Luckily, however, the Left has longer than the ‘short term’ to get its house in order. That’s the only comfort I can draw from May’s pronouncements yesterday: that she isn’t inclined to call an early election. That gives Labour a possible four years to sort itself out. And if a week – or even a day, as we saw yesterday – is a ‘long time in politics’, just think what we could do with 200 weeks!
When Corbyn was elected Labour leader last year I always saw the possibility of his being a temporary appointment, but a strong and reforming one, to make the party more democratic, kinder, more honest and less austerian than it had become under Blair. I also hoped that the electorate’s experience of this, with just a little bit of favourable media coverage, might persuade the electorate, too, that this ‘new’ kind of politics had a lot to be said for it. In other words, he could shift the ‘political discourse’. Then might be the time to hand the tiller over to someone with a more conventionally impressive leadership ‘style’, but still preserving Corbyn’s reforms, in time for the next election.
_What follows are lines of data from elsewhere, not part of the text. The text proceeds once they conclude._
(* For every $n\ge 2$, the tropicalization of the Cayley-Menger variety of $n$ points in $\mathbb{R}^1$ is the set of ultrametrics on $[n]$: $\mathrm{trop}(\mathrm{CM}_n^1)=U_n$.
   Context: Coordinates of $\mathbb{C}^{\binom{[n]}{2}}$ are indexed by pairs $uv$, $u<v$. $\mathrm{CM}_n^1\subseteq\mathbb{C}^{\binom{[n]}{2}}$ is the Zariski closure of $\{((x_u-x_v)^2)_{u<v}: x_1,\dots,x_n\in\mathbb{R}\}$. Tropicalization uses the max convention: with $K=\mathbb{C}\{\!\{t\}\!\}$ the complex Puiseux series field and $\mathrm{val}(a)=-(\text{smallest exponent of }t\text{ in }a)$, for $X\subseteq\mathbb{C}^S$ with ideal $I$, $\mathrm{trop}(X)$ is the Euclidean closure of $\{(\mathrm{val}(x_i))_{i}: x\in V_K(I)\}\cap\mathbb{R}^S$. $\delta\in\mathbb{R}^{\binom{[n]}{2}}$ is an ultrametric if $\delta_{uv}\le\max\{\delta_{uw},\delta_{vw}\}$ for all distinct $u,v,w\in[n]$ (no nonnegativity required); $U_n$ is the set of ultrametrics. *)

From HB Require Import structures.
From mathcomp Require Import all_boot all_order all_algebra.
From mathcomp Require Import boolp classical_sets fsbigop reals.
From mathcomp Require Import complex.
Set Implicit Arguments. Unset Strict Implicit. Unset Printing Implicit Defensive.
Import Order.TTheory GRing.Theory Num.Theory.
Local Open Scope ring_scope.
Local Open Scope classical_set_scope.

Section CM.
Variable R : realType.
Local Notation C := (R[i]).

(* index set binom([n],2): pairs (u,v) with u < v *)
Definition pairs (n : nat) := {p : 'I_n * 'I_n | (p.1 < p.2)%N}.

(* Polynomials in C[y_s : s in pairs n], as finite lists of terms
   (coefficient, exponent vector). *)
Definition cpoly (n : nat) := seq (C * (pairs n -> nat)).

Definition evalC n (p : cpoly n) (y : pairs n -> C) : C :=
  \sum_(t <- p) t.1 * \prod_(s : pairs n) y s ^+ t.2 s.

Definition cm_point n (x : 'I_n -> R) : pairs n -> C :=
  fun s => ((x (val s).1 - x (val s).2) ^+ 2)%:C%C.

Definition vanishing_ideal n (A : set (pairs n -> C)) : set (cpoly n) :=
  [set p | forall y, A y -> evalC p y = 0].

Definition zero_locusC n (I : set (cpoly n)) : set (pairs n -> C) :=
  [set y | forall p, I p -> evalC p y = 0].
But it was clear to me then that this would require time. The threat of a ‘snap’ election that was opened up by the Referendum result seemed to put paid to that. Lots of people were saying that Cameron’s successor would need a direct electoral mandate. That may be one of the reasons for this sudden rush on the Labour benches to get rid of Corbyn straightaway, on the grounds that there was no time to be lost. Now, if May keeps her word, or is able to (you never know, her enemies in the Tory party might see Labour’s present troubles as the perfect opportunity to trigger another vote soon), Labour has been given a breathing spell.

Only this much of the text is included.